Machine learning models for predicting blood pressure phenotypes by combining multiple polygenic risk scores

We used two datasets. The primary dataset is from the Trans-Omics in Precision Medicine (TOPMed) consortium, which was used to train and evaluate multiple models. The second dataset is from the Mass General Brigham (MGB) Biobank and was used to evaluate selected model performance in an independent healthcare-system dataset. Below we describe the datasets and the steps for constructing and evaluating models. Figure 1 describes the framework for the development of multi-PRS non-linear ML model allowing for non-genetic components to be calibrated across datasets.

The TOPMed dataset

The TOPMed study population included 62,295 unrelated (3rd degree or less) participants from 15 studies based in the U.S. and in Taiwan. Data was extracted from the freeze 8 TOPMed dataset release. Information about the studies including ethics statements is provided in Supplementary Note 1. Blood pressure phenotypes were harmonized by the TOPMed Data Coordinating Center (DCC)⁵⁰ and included systolic blood pressure (SBP), diastolic blood pressure (DBP), and status of antihypertensive medication use (HTNMED_V1). Medication status was used to increase values of SBP and DBP by 15 and 10mmHg, respectively, to account for the expectations that their values would be higher if the corresponding individuals did not use antihypertensive medications.

Genotype data

We used whole genome sequencing (WGS) data from Trans-Omics for Prevision Medicine (TOPMed) program⁵¹ Freeze 8 dataset. Genome samples were sequenced through TOPMed and the National Human Genome Research Institute’s Centers for Common Disease Genomics (CCDG) program and harmonized together via joint allele calling. The methods for TOPMed WGS data acquisition and quality control (QC) are described in https://www.nhlbiwgs.org/topmed-whole-genome-sequencing-methods-freeze-8. Genetic Principal Components (PCs) and kinship coefficients were computed for the genetic data by the TOPMed DCC using the PC-Relate and PR-AiR algorithms^52,53 implemented in the GENESIS R package⁵⁴. Based on the kinship coefficients, we identified related individuals and generated a dataset in which all individuals were degree-3 unrelated, i.e., all kinship coefficients were < 2^(−9/2) (approximately 0.04). We extracted allele counts of variants that passed TOPMed quality control flags from GDS files using the SeqArray package version 1.28.1 and then further processed the genetic data using custom R version 3.6.2 and Python version 3.6.15 scripts. Only variants with minor allele frequency $\ge$ 0.01 in the TOPMed dataset and that passed TOPMed QC were used in this study. There were 63,093 participants and 12,341,303 variants available for PRS development.

Blood pressure phenotypes

We trained non-linear ML models to predict two phenotypes: systolic blood pressure (SBP) and diastolic blood pressure (DBP). SBP and DBP values were extracted, when available, from a harmonized datasets created by TOPMed⁵⁰, and for some TOPMed-parent studies they were prepared by study researchers. To address the existence of unrealistic values in the dataset, but without forcing a specific threshold, we removed individuals with outlying values defined by phenotypic values above the 99th quantile and values below the 1st quantile for each of the phenotypes. This amounted to 1047 and 1403 individuals from the analyses of SBP and DBP, respectively.
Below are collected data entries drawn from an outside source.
(* Let $R$ be a commutative ring with $1$ and let $H_1,\dots,H_m$ be hyperplanes in $R^n$, where $H_i$ is the zero set of $(\mathbf a^i,\mathbf x)-b_i=a^i_1x_1+\dots+a^i_nx_n-b_i$ with $a^i_j,b_i\in R$. Suppose every vertex of the unit cube $\{0,1\}^n\subseteq R^n$ other than $\mathbf 0$ lies in at least one $H_i$. If $\prod_{i=1}^m b_i\neq 0$, then $m\ge n$. *)

From mathcomp Require Import all_boot all_order all_algebra.
Set Implicit Arguments. Unset Strict Implicit. Unset Printing Implicit Defensive.
Import GRing.Theory.
Local Open Scope ring_scope.

Definition cube_vertex (R : pzRingType) (n : nat) (v : 'I_n -> bool) : 'rV[R]_n :=
  \row_j (v j)%:R.

Definition on_hyperplane (R : pzRingType) (n : nat) (a : 'rV[R]_n) (b : R)
  (x : 'rV[R]_n) : Prop :=
  \sum_(j < n) a 0 j * x 0 j - b = 0.

From mathcomp Require Import all_boot all_order all_algebra.
Local Open Scope ring_scope.
Import GRing.Theory.

(* Assume m < n.  For f(x) = prod_i (b_i - (a^i, x)), the alternating sum
   sum_(S subset [n]) (-1)^|S| f(1_S) vanishes: expanding the product, every
   monomial involves at most m < n coordinates, and the alternating sum of the
   indicator of {S | T subset S} is zero for T a proper subset of [n].  But f
   vanishes at every nonzero vertex 1_S of the cube, so the sum equals
   f(0) = prod_i b_i, which is nonzero. *)

Section AlternatingSums.
Variable R : comNzRingType.
Variable I : finType.

Lemma sum_sign_supsets_eq0 (T : {set I}) : T != setT ->
  \sum_(S : {set I}) (-1) ^+ #|S| * ((T \subset S)%:R : R) = 0.
Proof.
move=> T_proper.
have [j jNT] : exists j, j \notin T.
  by apply/existsP; move: T_proper; apply: contraR => /existsPn hT;
     apply/eqP/setP => x; rewrite inE; apply/negPn.
rewrite (bigID (fun S : {set I} => j \in S)) /=.
rewrite (reindex_onto (fun S => j |: S) (fun S => S :\ j)); last first.
  by move=> S jS; rewrite setD1K.
have pair_cond S : (j \in j |: S) && ((j |: S) :\ j == S) = (j \notin S).
  rewrite setU11 /=; have [jS | jNS] := boolP (j \in S).
  - by apply/negbTE/eqP => eS; move: jS; rewrite -eS setD11.
  - by rewrite setU1K // eqxx.
rewrite (eq_bigl _ _ pair_cond) -big_split /= big1 // => S jNS.
have -> : (T \subset j |: S) = (T \subset S).
  apply/idP/idP => sTS; apply/subsetP => x xT; last by rewrite !inE (subsetP sTS) ?orbT.
  by move: (subsetP sTS x xT); rewrite !inE => /predU1P [eqxj|//];
     move: jNT; rewrite -eqxj xT.
by rewrite cardsU1 jNS exprS mulN1r mulNr addNr.
Qed.

Lemma sum_option (F : option I -> R) : \sum_o F o = F None + \sum_i F (Some i).
Proof.
rewrite (bigD1 None) //= (reindex_omap Some id) => [|[i|] //].
by congr (_ + _); apply: eq_bigl => i; rewrite eqxx.
Qed.

Variable J : finType.

(* A term of the expansion of prod_i (c0 i + sum_(j in S) c i j) picks, for
   each factor i, either the constant c0 i (None) or a summand c i j (Some j);
   it survives exactly when every picked j lies in S. *)
Definition some_codom (h : {ffun J -> option I}) : {set I} :=
  [set j | Some j \in codom h].

Lemma card_some_codom (h : {ffun J -> option I}) : (#|some_codom h| <= #|J|)%N.
Proof.
rewrite -(card_imset _ (@Some_inj _)) -(size_codom h).
apply: leq_trans (card_size _); apply: subset_leq_card.
by apply/subsetP => _ /imsetP [j + ->]; rewrite inE.
Qed.

Lemma prod_indicator_some_codom (h : {ffun J -> option I}) (S : {set I}) :
  \prod_i ((oapp (fun j => j \in S) true (h i))%:R : R) = (some_codom h \subset S)%:R.
Proof.
have [sub | /subsetPn [j]] := boolP (some_codom h \subset S).
  apply: big1 => i _; case eh: (h i) => [j|] //=.
  by rewrite (subsetP sub) // inE -eh codom_f.
rewrite inE => /codomP [i eh] jNS.
by rewrite (bigD1 i) //= -eh /= (negbTE jNS) mul0r.
Qed.

Lemma prod_affine_expand (c0 : J -> R) (c : J -> I -> R) (S : {set I}) :
  \prod_i (c0 i + \sum_(j in S) c i j) =
  \sum_(h : {ffun J -> option I})
     (\prod_i oapp (c i) (c0 i) (h i)) * (some_codom h \subset S)%:R.
Proof.
have factor_expand i : c0 i + \sum_(j in S) c i j =
    \sum_o oapp (c i) (c0 i) o * (oapp (fun j => j \in S) true o)%:R.
  rewrite sum_option /= mulr1 big_mkcond; congr (_ + _).
  by apply: eq_bigr => j _; case: (j \in S); rewrite ?mulr1 ?mulr0.
under eq_bigr do rewrite factor_expand.
rewrite bigA_distr_bigA; apply: eq_bigr => h _.
by rewrite big_split prod_indicator_some_codom.
Qed.

Lemma sum_sign_prod_affine_eq0 (c0 : J -> R) (c : J -> I -> R) :
  (#|J| < #|I|)%N ->
  \sum_(S : {set I}) (-1) ^+ #|S| * \prod_i (c0 i + \sum_(j in S) c i j) = 0.
Proof.
move=> ltJI.
under eq_bigr => S _ do rewrite prod_affine_expand mulr_sumr.
rewrite exchange_big big1 // => h _.
under eq_bigr => S _ do rewrite mulrCA.
rewrite -mulr_sumr sum_sign_supsets_eq0 ?mulr0 //.
apply: contraTneq ltJI => codom_full.
by rewrite -leqNgt -cardsT -codom_full card_some_codom.
Qed.

End AlternatingSums.

Lemma on_hyperplane_cube_vertex (R : pzRingType) n (a : 'rV[R]_n) b (S : {set 'I_n}) :
  on_hyperplane a b (cube_vertex R (fun j => j \in S)) -> \sum_(j in S) a 0 j = b.
Proof.
rewrite /on_hyperplane /cube_vertex.
under eq_bigr do rewrite mxE.
have -> : \sum_(j < n) a 0 j * (j \in S)%:R = \sum_(j < n | j \in S) a 0 j.
  rewrite [RHS]big_mkcond; apply: eq_bigr => j _.
  by case: (j \in S); rewrite ?mulr1 ?mulr0.
by move/eqP; rewrite subr_eq0 => /eqP.
Qed.

Theorem theorem6 (R : comNzRingType) (n m : nat)
  (a : 'I_m -> 'rV[R]_n) (b : 'I_m -> R)
  (cover : forall v : 'I_n -> bool, (exists j, v j) ->
     exists i : 'I_m, on_hyperplane (a i) (b i) (cube_vertex R v))
  (hb : \prod_(i < m) b i != 0) :
  (n <= m)%N.
Proof.
rewrite leqNgt; apply/negP => ltmn.
have := @sum_sign_prod_affine_eq0 R 'I_n 'I_m b (fun i j => - a i 0 j).
rewrite !card_ord => /(_ ltmn).
rewrite (bigD1 set0) //= [X in _ + X]big1 => [|S S_neq0].
  rewrite cards0 expr0 mul1r addr0.
  under eq_bigr do rewrite big_set0 addr0.
  by move/eqP; rewrite (negbTE hb).
have [j jS] := set0Pn S S_neq0.
have [i /on_hyperplane_cube_vertex hi] := cover _ (ex_intro _ j jS).
by rewrite (bigD1 i) //= sumrN hi subrr mul0r mulr0.
Qed.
The quantiles were computed over the complete dataset. Values for SBP and DBP for individuals that were taking antihypertensive medications were adjusted by increasing SBP and DBP values by 15 and 10 mmHg, respectively.

Summary statistics from published GWAS

We used summary statistics from published GWAS of SBP and DBP provided by BioBank Japan Project (BBJ), Million Veteran Program (MVP), as well as UK BioBank and the International Consortium of Blood-Pressure Genome Wide Associations Studies (UKBB + ICBP). Details are provided in Supplementary Table 12. Because some of TOPMed European ancestry participants also participated in the UKBB + ICBP meta-analysis, we performed GWAS of SBP and DBP using all self-reported White individuals in the TOPMed dataset (i.e. participants included in both TOPMed training and testing datasets), and then applied a procedure to “remove” the contribution of this GWAS from the overall UKBB + ICBP GWAS summary statistics⁵⁵ as described in Supplementary Note 2.

Polygenic risk scores

We developed two types of PRS—“global PRS”, using SNPs from the entire genome, and, in secondary analysis, “local PRS”, calculated from SNPs within LD-regions. In both cases SNPs were selected using the clump & threshold approach. We developed and constructed global PRSs using PRSice2 version 2.3.5⁵⁶, from the BP GWAS summary statistics described above. As tuning parameters, we set R² = 0.1, distance = 1000 kB, and several p-value thresholds: 5 × 10^–8, 10^–7, 10^–6,…, 10^–2. We used the TOPMed data set as a reference panel for LD (used for clumping). In secondary analysis, we developed local PRSs. We used previously computed LD-regions⁵⁷ provided in BED files defining chromosomal segments (see Data Availability) based on a European reference panel to subset the UKBB + ICBP GWAS summary statistics to files consisting of variants falling within each LD-region (chromosomal segment). We developed local PRS based for each of these regions using the same clump & threshold approach using PRSice2, but now, due to the large number of segments and thus features, we used a single p-value threshold of 10^–2. For this secondary analysis we only used the UKBB + ICBP GWAS because we saw before that, although it is based on single genetic ancestry (European) PRS based on it perform well when evaluated in various self-reported race/ethnic groups¹³. In a Supplementary Note 3 we also describe the comparison of the models’ performance using global SBP and DBP developed using PRS-CSx⁵⁸, which is an extension of the Bayesian polygenic prediction method PRS-CS⁵⁹, from the three GWAS summary statistics used in this study.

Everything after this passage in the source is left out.